Exercise directions
Line by line, transcribe the data shown below.

Data shown below:

(* Let $X$ be a real Hilbert space, let $A\colon X\rightrightarrows X$ with $\operatorname{dom}A\ne\varnothing$, let $\rho\in\,]-1,+\infty[$, set $D=\operatorname{ran}(\mathrm{Id}+A)$, $T=J_A$ (i.e., $A=T^{-1}-\mathrm{Id}$), and $\alpha=\tfrac{1}{2(\rho+1)}$. Then: (i) $A$ is $\rho$-comonotone $\iff$ $T$ is $\tfrac{1}{2(\rho+1)}$-conically nonexpansive. (ii) $A$ is maximally $\rho$-comonotone $\iff$ [$T$ is $\alpha$-conically nonexpansive and $D=X$]. (iii) $A$ is $(-\tfrac12)$-comonotone $\iff$ $T$ is nonexpansive. (iv) $A$ is maximally $(-\tfrac12)$-comonotone $\iff$ [$T$ is nonexpansive and $D=X$]. (v) [$A$ is $\rho$-comonotone and $\rho>-\tfrac12$] $\iff$ $T$ is $\alpha$-averaged. (vi) [$A$ is maximally $\rho$-comonotone and $\rho>-\tfrac12$] $\iff$ [$T$ is $\alpha$-averaged and $D=X$].
   Context: $J_A=(\mathrm{Id}+A)^{-1}$ with domain $D$. An operator $N$ with domain $D$ is nonexpansive if it is single-valued and $\|Nx-Ny\|\le\|x-y\|$ for all $x,y\in D$. For $\alpha>0$, $T$ is $\alpha$-conically nonexpansive if $T=(1-\alpha)\mathrm{Id}+\alpha N$ for some nonexpansive $N\colon D\to X$; $T$ is $\alpha$-averaged if this holds with $\alpha\in]0,1[$. For $\rho\in\mathbb R$, $A$ is $\rho$-comonotone if $\langle x-y,u-v\rangle\ge\rho\|u-v\|^2$ for all $(x,u),(y,v)\in\operatorname{gra}A$; maximally $\rho$-comonotone if moreover no $\rho$-comonotone operator has a graph properly containing $\operatorname{gra}A$. *)

From HB Require Import structures.
From mathcomp Require Import all_boot all_order all_algebra.
From mathcomp Require Import all_classical all_reals all_analysis.
Set Implicit Arguments. Unset Strict Implicit. Unset Printing Implicit Defensive.
Import Order.TTheory GRing.Theory Num.Theory.
Import numFieldNormedType.Exports.
Local Open Scope classical_set_scope.
Local Open Scope ring_scope.

Section Defs.
Variables (R : realType) (X : normedModType R).

(* [inner] is an inner product inducing the norm of X (so a complete X is a
   real Hilbert space). *)
Definition is_inner_product (inner : X -> X -> R) : Prop :=
  [/\ (forall x y, inner x y = inner y x),
      (forall (a : R) x y z, inner (a *: x + y) z = a * inner x z + inner y z)
    & (forall x, inner x x = `|x| ^+ 2)].

Definition dom (A : X -> set X) : set X := [set x | exists u, A x u].
Definition ran (A : X -> set X) : set X := [set u | exists x, A x u].

Definition id_plus (A : X -> set X) : X -> set X :=
  fun x => [set x + u | u in A x].

Definition inv_op (B : X -> set X) : X -> set X := fun y => [set x | B x y].

Definition resolvent (A : X -> set X) : X -> set X := inv_op (id_plus A).

Definition comonotone (inner : X -> X -> R) (rho : R) (A : X -> set X) : Prop :=
  forall x u y v, A x u -> A y v -> rho * `|u - v| ^+ 2 <= inner (x - y) (u - v).

Definition max_comonotone (inner : X -> X -> R) (rho : R) (A : X -> set X) : Prop :=
  comonotone inner rho A /\
  forall B : X -> set X, comonotone inner rho B ->
    (forall x u, A x u -> B x u) -> (forall x u, B x u -> A x u).

Definition nonexpansive_on (D : set X) (N : X -> X) : Prop :=
  forall x y, D x -> D y -> `|N x - N y| <= `|x - y|.

Definition nonexpansive_op (D : set X) (T : X -> set X) : Prop :=
  exists N : X -> X, nonexpansive_on D N /\
    (forall x, D x -> T x = [set N x]) /\ (forall x, ~ D x -> T x = set0).

Definition conically_nonexpansive (alpha : R) (D : set X) (T : X -> set X) : Prop :=
  0 < alpha /\
  exists N : X -> X, nonexpansive_on D N /\
    (forall x, D x -> T x = [set (1 - alpha) *: x + alpha *: N x]) /\
    (forall x, ~ D x -> T x = set0).

Definition averaged (alpha : R) (D : set X) (T : X -> set X) : Prop :=
  0 < alpha < 1 /\ conically_nonexpansive alpha D T.

End Defs.

(* Writing z = x + u with A x u, the resolvent is single valued on
   ran (Id + A) when rho > -1, and T = (1 - alpha) Id + alpha N forces
   N z = x - (2 rho + 1) u.  Since
     |a - (2 rho + 1) b|^2 - |a + b|^2 = 4 (rho + 1) (rho |b|^2 - <a, b>),
   N is nonexpansive exactly when A is rho-comonotone.  Maximality is
   equivalent to ran (Id + A) = X: if the range is everything, Id + A is
   injective on any comonotone extension; conversely, for fixed z the operator
   {((1 + rho) u, x - rho u - z) | A x u} is maximally monotone, and Minty's
   theorem yields a point of it of the form (a, - a), i.e. z = x + u.  Minty's
   theorem is proved as by Simons and Zalinescu: the Fitzpatrick function of a
   maximally monotone G plus (|x|^2 + |u|^2) / 2 is strongly convex and bounded
   below, its minimiser (x, u) exists by completeness, and the optimality
   condition shows that (-u, -x) is monotonically related to G, whence
   u = - x and G x (- x). *)

From HB Require Import structures.
From mathcomp Require Import all_boot all_order all_algebra.
From mathcomp Require Import all_classical all_reals all_analysis.
From mathcomp Require Import ring lra.
Import Order.TTheory GRing.Theory Num.Theory.
Import numFieldNormedType.Exports.
Local Open Scope classical_set_scope.
Local Open Scope ring_scope.
Set Implicit Arguments. Unset Strict Implicit.

Section InnerProduct.
Variables (R : realType) (X : normedModType R) (ip : X -> X -> R).
Hypothesis hip : is_inner_product ip.

Lemma ipC x y : ip x y = ip y x. Proof. by case: hip. Qed.

Lemma ipxx x : ip x x = `|x| ^+ 2. Proof. by case: hip. Qed.

Lemma ip0l z : ip 0 z = 0.
Proof.
case: hip => _ lin _; have := lin 1 0 0 z.
by rewrite scaler0 addr0 mul1r => h; apply: (addrI (ip 0 z)); rewrite addr0 -h.
Qed.

Lemma ipDl x y z : ip (x + y) z = ip x z + ip y z.
Proof. by case: hip => _ lin _; have := lin 1 x y z; rewrite scale1r mul1r. Qed.

Lemma ipZl a x z : ip (a *: x) z = a * ip x z.
Proof. by case: hip => _ lin _; have := lin a x 0 z; rewrite !addr0 ip0l addr0. Qed.

Lemma ipNl x z : ip (- x) z = - ip x z.
Proof. by rewrite -scaleN1r ipZl mulN1r. Qed.

Lemma ipBl x y z : ip (x - y) z = ip x z - ip y z.
Proof. by rewrite ipDl ipNl. Qed.

Lemma ip0r z : ip z 0 = 0. Proof. by rewrite ipC ip0l. Qed.

Lemma ipDr x y z : ip z (x + y) = ip z x + ip z y.
Proof. by rewrite ipC ipDl !(ipC z). Qed.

End of Data shown.

Answer to this exercise
(* Let $X$ be a real Hilbert space, let $A\colon X\rightrightarrows X$ with $\operatorname{dom}A\ne\varnothing$, let $\rho\in\,]-1,+\infty[$, set $D=\operatorname{ran}(\mathrm{Id}+A)$, $T=J_A$ (i.e., $A=T^{-1}-\mathrm{Id}$), and $\alpha=\tfrac{1}{2(\rho+1)}$. Then: (i) $A$ is $\rho$-comonotone $\iff$ $T$ is $\tfrac{1}{2(\rho+1)}$-conically nonexpansive. (ii) $A$ is maximally $\rho$-comonotone $\iff$ [$T$ is $\alpha$-conically nonexpansive and $D=X$]. (iii) $A$ is $(-\tfrac12)$-comonotone $\iff$ $T$ is nonexpansive. (iv) $A$ is maximally $(-\tfrac12)$-comonotone $\iff$ [$T$ is nonexpansive and $D=X$]. (v) [$A$ is $\rho$-comonotone and $\rho>-\tfrac12$] $\iff$ $T$ is $\alpha$-averaged. (vi) [$A$ is maximally $\rho$-comonotone and $\rho>-\tfrac12$] $\iff$ [$T$ is $\alpha$-averaged and $D=X$].
   Context: $J_A=(\mathrm{Id}+A)^{-1}$ with domain $D$. An operator $N$ with domain $D$ is nonexpansive if it is single-valued and $\|Nx-Ny\|\le\|x-y\|$ for all $x,y\in D$. For $\alpha>0$, $T$ is $\alpha$-conically nonexpansive if $T=(1-\alpha)\mathrm{Id}+\alpha N$ for some nonexpansive $N\colon D\to X$; $T$ is $\alpha$-averaged if this holds with $\alpha\in]0,1[$. For $\rho\in\mathbb R$, $A$ is $\rho$-comonotone if $\langle x-y,u-v\rangle\ge\rho\|u-v\|^2$ for all $(x,u),(y,v)\in\operatorname{gra}A$; maximally $\rho$-comonotone if moreover no $\rho$-comonotone operator has a graph properly containing $\operatorname{gra}A$. *)

From HB Require Import structures.
From mathcomp Require Import all_boot all_order all_algebra.
From mathcomp Require Import all_classical all_reals all_analysis.
Set Implicit Arguments. Unset Strict Implicit. Unset Printing Implicit Defensive.
Import Order.TTheory GRing.Theory Num.Theory.
Import numFieldNormedType.Exports.
Local Open Scope classical_set_scope.
Local Open Scope ring_scope.

Section Defs.
Variables (R : realType) (X : normedModType R).

(* [inner] is an inner product inducing the norm of X (so a complete X is a
   real Hilbert space). *)
Definition is_inner_product (inner : X -> X -> R) : Prop :=
  [/\ (forall x y, inner x y = inner y x),
      (forall (a : R) x y z, inner (a *: x + y) z = a * inner x z + inner y z)
    & (forall x, inner x x = `|x| ^+ 2)].

Definition dom (A : X -> set X) : set X := [set x | exists u, A x u].
Definition ran (A : X -> set X) : set X := [set u | exists x, A x u].

Definition id_plus (A : X -> set X) : X -> set X :=
  fun x => [set x + u | u in A x].

Definition inv_op (B : X -> set X) : X -> set X := fun y => [set x | B x y].

Definition resolvent (A : X -> set X) : X -> set X := inv_op (id_plus A).

Definition comonotone (inner : X -> X -> R) (rho : R) (A : X -> set X) : Prop :=
  forall x u y v, A x u -> A y v -> rho * `|u - v| ^+ 2 <= inner (x - y) (u - v).

Definition max_comonotone (inner : X -> X -> R) (rho : R) (A : X -> set X) : Prop :=
  comonotone inner rho A /\
  forall B : X -> set X, comonotone inner rho B ->
    (forall x u, A x u -> B x u) -> (forall x u, B x u -> A x u).

Definition nonexpansive_on (D : set X) (N : X -> X) : Prop :=
  forall x y, D x -> D y -> `|N x - N y| <= `|x - y|.

Definition nonexpansive_op (D : set X) (T : X -> set X) : Prop :=
  exists N : X -> X, nonexpansive_on D N /\
    (forall x, D x -> T x = [set N x]) /\ (forall x, ~ D x -> T x = set0).

Definition conically_nonexpansive (alpha : R) (D : set X) (T : X -> set X) : Prop :=
  0 < alpha /\
  exists N : X -> X, nonexpansive_on D N /\
    (forall x, D x -> T x = [set (1 - alpha) *: x + alpha *: N x]) /\
    (forall x, ~ D x -> T x = set0).

Definition averaged (alpha : R) (D : set X) (T : X -> set X) : Prop :=
  0 < alpha < 1 /\ conically_nonexpansive alpha D T.

End Defs.

(* Writing z = x + u with A x u, the resolvent is single valued on
   ran (Id + A) when rho > -1, and T = (1 - alpha) Id + alpha N forces
   N z = x - (2 rho + 1) u.  Since
     |a - (2 rho + 1) b|^2 - |a + b|^2 = 4 (rho + 1) (rho |b|^2 - <a, b>),
   N is nonexpansive exactly when A is rho-comonotone.  Maximality is
   equivalent to ran (Id + A) = X: if the range is everything, Id + A is
   injective on any comonotone extension; conversely, for fixed z the operator
   {((1 + rho) u, x - rho u - z) | A x u} is maximally monotone, and Minty's
   theorem yields a point of it of the form (a, - a), i.e. z = x + u.  Minty's
   theorem is proved as by Simons and Zalinescu: the Fitzpatrick function of a
   maximally monotone G plus (|x|^2 + |u|^2) / 2 is strongly convex and bounded
   below, its minimiser (x, u) exists by completeness, and the optimality
   condition shows that (-u, -x) is monotonically related to G, whence
   u = - x and G x (- x). *)

From HB Require Import structures.
From mathcomp Require Import all_boot all_order all_algebra.
From mathcomp Require Import all_classical all_reals all_analysis.
From mathcomp Require Import ring lra.
Import Order.TTheory GRing.Theory Num.Theory.
Import numFieldNormedType.Exports.
Local Open Scope classical_set_scope.
Local Open Scope ring_scope.
Set Implicit Arguments. Unset Strict Implicit.

Section InnerProduct.
Variables (R : realType) (X : normedModType R) (ip : X -> X -> R).
Hypothesis hip : is_inner_product ip.

Lemma ipC x y : ip x y = ip y x. Proof. by case: hip. Qed.

Lemma ipxx x : ip x x = `|x| ^+ 2. Proof. by case: hip. Qed.

Lemma ip0l z : ip 0 z = 0.
Proof.
case: hip => _ lin _; have := lin 1 0 0 z.
by rewrite scaler0 addr0 mul1r => h; apply: (addrI (ip 0 z)); rewrite addr0 -h.
Qed.

Lemma ipDl x y z : ip (x + y) z = ip x z + ip y z.
Proof. by case: hip => _ lin _; have := lin 1 x y z; rewrite scale1r mul1r. Qed.

Lemma ipZl a x z : ip (a *: x) z = a * ip x z.
Proof. by case: hip => _ lin _; have := lin a x 0 z; rewrite !addr0 ip0l addr0. Qed.

Lemma ipNl x z : ip (- x) z = - ip x z.
Proof. by rewrite -scaleN1r ipZl mulN1r. Qed.

Lemma ipBl x y z : ip (x - y) z = ip x z - ip y z.
Proof. by rewrite ipDl ipNl. Qed.

Lemma ip0r z : ip z 0 = 0. Proof. by rewrite ipC ip0l. Qed.

Lemma ipDr x y z : ip z (x + y) = ip z x + ip z y.
Proof. by rewrite ipC ipDl !(ipC z). Qed.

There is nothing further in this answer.